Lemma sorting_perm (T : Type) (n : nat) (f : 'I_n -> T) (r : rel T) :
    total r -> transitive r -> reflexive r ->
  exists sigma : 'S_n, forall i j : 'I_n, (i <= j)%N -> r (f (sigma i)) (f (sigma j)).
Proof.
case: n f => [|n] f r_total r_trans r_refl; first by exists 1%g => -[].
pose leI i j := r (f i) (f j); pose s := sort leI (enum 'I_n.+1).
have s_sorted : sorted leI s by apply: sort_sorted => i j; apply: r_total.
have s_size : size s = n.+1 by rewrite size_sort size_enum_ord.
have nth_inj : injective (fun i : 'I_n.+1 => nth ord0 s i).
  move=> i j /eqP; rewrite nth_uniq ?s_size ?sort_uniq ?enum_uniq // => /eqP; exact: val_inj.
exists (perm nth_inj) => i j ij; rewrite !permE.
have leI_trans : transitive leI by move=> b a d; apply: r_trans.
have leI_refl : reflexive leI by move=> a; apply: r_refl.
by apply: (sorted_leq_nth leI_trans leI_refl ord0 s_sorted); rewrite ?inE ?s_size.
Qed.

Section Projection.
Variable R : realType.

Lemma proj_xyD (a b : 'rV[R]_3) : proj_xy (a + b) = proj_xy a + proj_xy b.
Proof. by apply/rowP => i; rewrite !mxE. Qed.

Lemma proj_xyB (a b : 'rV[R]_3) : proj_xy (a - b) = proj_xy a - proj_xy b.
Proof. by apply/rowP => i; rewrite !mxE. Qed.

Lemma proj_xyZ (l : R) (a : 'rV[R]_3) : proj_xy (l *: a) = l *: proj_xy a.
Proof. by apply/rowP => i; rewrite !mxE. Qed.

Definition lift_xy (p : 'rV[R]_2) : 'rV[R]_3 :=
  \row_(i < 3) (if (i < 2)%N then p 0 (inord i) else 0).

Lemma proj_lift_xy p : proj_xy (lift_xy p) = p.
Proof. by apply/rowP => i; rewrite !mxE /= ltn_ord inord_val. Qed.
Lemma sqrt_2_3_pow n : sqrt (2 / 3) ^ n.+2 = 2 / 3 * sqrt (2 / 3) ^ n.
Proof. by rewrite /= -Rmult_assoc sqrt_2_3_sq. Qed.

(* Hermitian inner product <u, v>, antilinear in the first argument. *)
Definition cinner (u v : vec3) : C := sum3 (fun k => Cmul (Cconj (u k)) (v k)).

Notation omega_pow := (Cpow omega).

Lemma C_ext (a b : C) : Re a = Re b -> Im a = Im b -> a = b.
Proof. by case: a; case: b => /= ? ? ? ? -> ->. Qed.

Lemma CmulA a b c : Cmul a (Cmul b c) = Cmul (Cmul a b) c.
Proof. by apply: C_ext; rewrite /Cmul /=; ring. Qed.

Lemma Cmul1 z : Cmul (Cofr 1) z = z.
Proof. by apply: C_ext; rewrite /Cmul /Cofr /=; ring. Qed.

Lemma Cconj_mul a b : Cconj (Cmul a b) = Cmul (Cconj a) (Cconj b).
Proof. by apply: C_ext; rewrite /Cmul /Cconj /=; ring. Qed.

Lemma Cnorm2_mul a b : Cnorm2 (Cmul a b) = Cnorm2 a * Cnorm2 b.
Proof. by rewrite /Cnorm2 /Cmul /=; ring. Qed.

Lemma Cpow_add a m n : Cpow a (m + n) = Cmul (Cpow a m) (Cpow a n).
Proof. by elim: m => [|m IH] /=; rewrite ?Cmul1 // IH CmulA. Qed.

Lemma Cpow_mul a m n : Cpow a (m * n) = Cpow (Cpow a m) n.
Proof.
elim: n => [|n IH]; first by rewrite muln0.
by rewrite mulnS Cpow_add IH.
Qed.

==

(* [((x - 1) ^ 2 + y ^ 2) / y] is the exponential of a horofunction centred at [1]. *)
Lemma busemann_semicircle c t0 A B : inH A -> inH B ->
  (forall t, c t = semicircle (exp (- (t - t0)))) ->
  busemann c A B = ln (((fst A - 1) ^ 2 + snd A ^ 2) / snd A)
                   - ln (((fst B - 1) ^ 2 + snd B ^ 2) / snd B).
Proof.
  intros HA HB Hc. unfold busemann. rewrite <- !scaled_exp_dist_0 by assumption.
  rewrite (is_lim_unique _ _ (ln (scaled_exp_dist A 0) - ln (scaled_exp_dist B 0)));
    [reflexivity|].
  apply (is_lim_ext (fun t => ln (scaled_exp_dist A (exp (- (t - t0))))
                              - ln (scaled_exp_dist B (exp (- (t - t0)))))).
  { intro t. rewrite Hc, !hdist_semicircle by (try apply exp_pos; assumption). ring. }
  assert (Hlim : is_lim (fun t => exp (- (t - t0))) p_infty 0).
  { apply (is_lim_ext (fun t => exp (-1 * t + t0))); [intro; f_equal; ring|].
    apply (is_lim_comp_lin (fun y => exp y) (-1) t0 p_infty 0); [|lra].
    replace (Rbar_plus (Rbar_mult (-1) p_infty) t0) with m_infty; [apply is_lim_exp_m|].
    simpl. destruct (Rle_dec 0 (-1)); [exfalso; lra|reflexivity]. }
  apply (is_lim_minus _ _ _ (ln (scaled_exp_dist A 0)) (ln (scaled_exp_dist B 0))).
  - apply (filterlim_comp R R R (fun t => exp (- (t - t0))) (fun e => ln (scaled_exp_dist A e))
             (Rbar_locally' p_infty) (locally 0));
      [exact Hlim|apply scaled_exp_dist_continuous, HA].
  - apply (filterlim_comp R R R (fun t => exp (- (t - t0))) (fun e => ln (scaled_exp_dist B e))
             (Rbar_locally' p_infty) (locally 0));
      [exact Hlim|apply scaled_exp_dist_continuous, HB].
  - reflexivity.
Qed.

== What the exercise asks ==
Word for word, restate the lines above from the line containing "Lemma sorting_perm (T" through the line containing "i) else 0).", with both included and nothing else.

== Output ==
Lemma sorting_perm (T : Type) (n : nat) (f : 'I_n -> T) (r : rel T) :
    total r -> transitive r -> reflexive r ->
  exists sigma : 'S_n, forall i j : 'I_n, (i <= j)%N -> r (f (sigma i)) (f (sigma j)).
Proof.
case: n f => [|n] f r_total r_trans r_refl; first by exists 1%g => -[].
pose leI i j := r (f i) (f j); pose s := sort leI (enum 'I_n.+1).
have s_sorted : sorted leI s by apply: sort_sorted => i j; apply: r_total.
have s_size : size s = n.+1 by rewrite size_sort size_enum_ord.
have nth_inj : injective (fun i : 'I_n.+1 => nth ord0 s i).
  move=> i j /eqP; rewrite nth_uniq ?s_size ?sort_uniq ?enum_uniq // => /eqP; exact: val_inj.
exists (perm nth_inj) => i j ij; rewrite !permE.
have leI_trans : transitive leI by move=> b a d; apply: r_trans.
have leI_refl : reflexive leI by move=> a; apply: r_refl.
by apply: (sorted_leq_nth leI_trans leI_refl ord0 s_sorted); rewrite ?inE ?s_size.
Qed.

Section Projection.
Variable R : realType.

Lemma proj_xyD (a b : 'rV[R]_3) : proj_xy (a + b) = proj_xy a + proj_xy b.
Proof. by apply/rowP => i; rewrite !mxE. Qed.

Lemma proj_xyB (a b : 'rV[R]_3) : proj_xy (a - b) = proj_xy a - proj_xy b.
Proof. by apply/rowP => i; rewrite !mxE. Qed.

Lemma proj_xyZ (l : R) (a : 'rV[R]_3) : proj_xy (l *: a) = l *: proj_xy a.
Proof. by apply/rowP => i; rewrite !mxE. Qed.

Definition lift_xy (p : 'rV[R]_2) : 'rV[R]_3 :=
  \row_(i < 3) (if (i < 2)%N then p 0 (inord i) else 0).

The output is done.